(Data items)
☆ ☆ ☆ ☆ ☆

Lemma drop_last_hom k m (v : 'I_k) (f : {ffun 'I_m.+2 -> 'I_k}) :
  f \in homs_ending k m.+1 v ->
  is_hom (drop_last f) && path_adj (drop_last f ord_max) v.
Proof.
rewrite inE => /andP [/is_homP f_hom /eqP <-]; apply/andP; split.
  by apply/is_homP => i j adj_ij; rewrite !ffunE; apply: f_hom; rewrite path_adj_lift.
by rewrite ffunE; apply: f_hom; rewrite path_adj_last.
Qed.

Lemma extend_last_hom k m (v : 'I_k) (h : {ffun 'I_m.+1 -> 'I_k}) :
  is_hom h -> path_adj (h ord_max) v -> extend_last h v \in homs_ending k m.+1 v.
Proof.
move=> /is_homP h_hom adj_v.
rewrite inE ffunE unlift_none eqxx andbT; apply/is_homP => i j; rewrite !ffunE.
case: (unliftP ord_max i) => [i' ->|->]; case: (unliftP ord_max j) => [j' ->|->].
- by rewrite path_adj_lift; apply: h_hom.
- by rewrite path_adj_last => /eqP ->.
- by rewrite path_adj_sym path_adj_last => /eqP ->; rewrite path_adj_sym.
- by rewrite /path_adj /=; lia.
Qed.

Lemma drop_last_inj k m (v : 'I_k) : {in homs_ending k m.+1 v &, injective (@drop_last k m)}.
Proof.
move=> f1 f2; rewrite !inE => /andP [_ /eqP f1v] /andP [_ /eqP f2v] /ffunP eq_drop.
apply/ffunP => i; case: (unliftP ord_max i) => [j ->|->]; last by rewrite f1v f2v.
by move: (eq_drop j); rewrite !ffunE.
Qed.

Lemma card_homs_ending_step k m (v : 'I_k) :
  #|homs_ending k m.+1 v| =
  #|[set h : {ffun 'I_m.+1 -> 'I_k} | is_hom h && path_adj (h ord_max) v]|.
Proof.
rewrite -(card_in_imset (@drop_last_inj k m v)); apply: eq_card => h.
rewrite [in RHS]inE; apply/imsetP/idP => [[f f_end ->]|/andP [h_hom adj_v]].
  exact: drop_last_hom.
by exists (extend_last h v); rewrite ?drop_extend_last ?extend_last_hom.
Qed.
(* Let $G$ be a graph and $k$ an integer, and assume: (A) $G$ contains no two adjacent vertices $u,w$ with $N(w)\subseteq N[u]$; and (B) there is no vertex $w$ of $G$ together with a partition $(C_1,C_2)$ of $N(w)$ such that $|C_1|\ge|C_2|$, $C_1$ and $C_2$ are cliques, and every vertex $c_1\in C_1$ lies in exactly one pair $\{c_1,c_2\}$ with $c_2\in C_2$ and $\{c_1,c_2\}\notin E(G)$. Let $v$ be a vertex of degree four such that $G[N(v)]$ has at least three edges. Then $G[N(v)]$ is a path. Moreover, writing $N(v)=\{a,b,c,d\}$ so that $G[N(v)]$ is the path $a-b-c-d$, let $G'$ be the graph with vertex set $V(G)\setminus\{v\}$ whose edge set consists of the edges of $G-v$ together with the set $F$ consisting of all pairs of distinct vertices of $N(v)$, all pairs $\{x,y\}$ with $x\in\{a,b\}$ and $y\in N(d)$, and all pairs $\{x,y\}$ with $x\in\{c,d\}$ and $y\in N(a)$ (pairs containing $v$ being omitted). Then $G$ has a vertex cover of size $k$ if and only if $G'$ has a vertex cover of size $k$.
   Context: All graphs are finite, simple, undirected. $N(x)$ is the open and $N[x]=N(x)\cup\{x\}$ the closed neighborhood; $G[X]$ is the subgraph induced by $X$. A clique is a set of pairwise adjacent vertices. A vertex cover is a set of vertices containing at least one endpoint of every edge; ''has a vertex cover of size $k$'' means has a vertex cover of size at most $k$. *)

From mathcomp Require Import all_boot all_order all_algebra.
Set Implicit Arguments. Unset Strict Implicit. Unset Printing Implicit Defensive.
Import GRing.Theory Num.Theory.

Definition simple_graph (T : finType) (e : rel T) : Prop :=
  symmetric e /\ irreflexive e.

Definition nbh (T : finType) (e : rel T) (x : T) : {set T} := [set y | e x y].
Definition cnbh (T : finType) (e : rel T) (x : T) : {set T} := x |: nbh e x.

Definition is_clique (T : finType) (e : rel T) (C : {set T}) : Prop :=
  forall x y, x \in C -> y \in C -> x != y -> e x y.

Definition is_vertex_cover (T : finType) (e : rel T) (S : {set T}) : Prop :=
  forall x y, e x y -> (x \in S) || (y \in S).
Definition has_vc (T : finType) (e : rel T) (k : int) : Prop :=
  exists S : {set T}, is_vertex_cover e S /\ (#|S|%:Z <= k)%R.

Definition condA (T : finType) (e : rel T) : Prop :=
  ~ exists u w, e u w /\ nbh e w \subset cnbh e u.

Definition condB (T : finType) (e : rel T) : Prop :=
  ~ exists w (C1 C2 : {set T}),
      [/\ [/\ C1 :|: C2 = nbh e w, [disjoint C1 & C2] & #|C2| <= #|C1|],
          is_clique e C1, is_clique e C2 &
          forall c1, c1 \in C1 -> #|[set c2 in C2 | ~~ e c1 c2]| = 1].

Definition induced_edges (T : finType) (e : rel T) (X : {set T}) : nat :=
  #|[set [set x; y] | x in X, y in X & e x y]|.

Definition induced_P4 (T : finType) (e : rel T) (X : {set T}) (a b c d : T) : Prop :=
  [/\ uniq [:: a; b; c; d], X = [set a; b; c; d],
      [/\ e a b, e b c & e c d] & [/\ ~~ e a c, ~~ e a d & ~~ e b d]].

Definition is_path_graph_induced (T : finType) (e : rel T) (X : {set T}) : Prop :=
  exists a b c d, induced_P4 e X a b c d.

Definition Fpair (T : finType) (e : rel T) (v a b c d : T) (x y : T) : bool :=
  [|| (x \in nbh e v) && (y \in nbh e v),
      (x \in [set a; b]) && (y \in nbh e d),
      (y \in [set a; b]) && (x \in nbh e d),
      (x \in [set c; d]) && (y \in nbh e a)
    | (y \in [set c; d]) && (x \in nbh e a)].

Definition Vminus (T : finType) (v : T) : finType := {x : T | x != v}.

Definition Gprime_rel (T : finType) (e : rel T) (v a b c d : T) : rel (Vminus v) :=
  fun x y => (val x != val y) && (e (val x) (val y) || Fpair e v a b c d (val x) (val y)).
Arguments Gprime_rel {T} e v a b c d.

☆ ☆ ☆ ☆ ☆

Would you print exactly, and only, the lines of the data above from the line with "From mathcomp Require" through the line with "forall x y, x", inclusive?

■ Solution to the exercise
From mathcomp Require Import all_boot all_order all_algebra.
Set Implicit Arguments. Unset Strict Implicit. Unset Printing Implicit Defensive.
Import GRing.Theory Num.Theory.

Definition simple_graph (T : finType) (e : rel T) : Prop :=
  symmetric e /\ irreflexive e.

Definition nbh (T : finType) (e : rel T) (x : T) : {set T} := [set y | e x y].
Definition cnbh (T : finType) (e : rel T) (x : T) : {set T} := x |: nbh e x.

Definition is_clique (T : finType) (e : rel T) (C : {set T}) : Prop :=
  forall x y, x \in C -> y \in C -> x != y -> e x y.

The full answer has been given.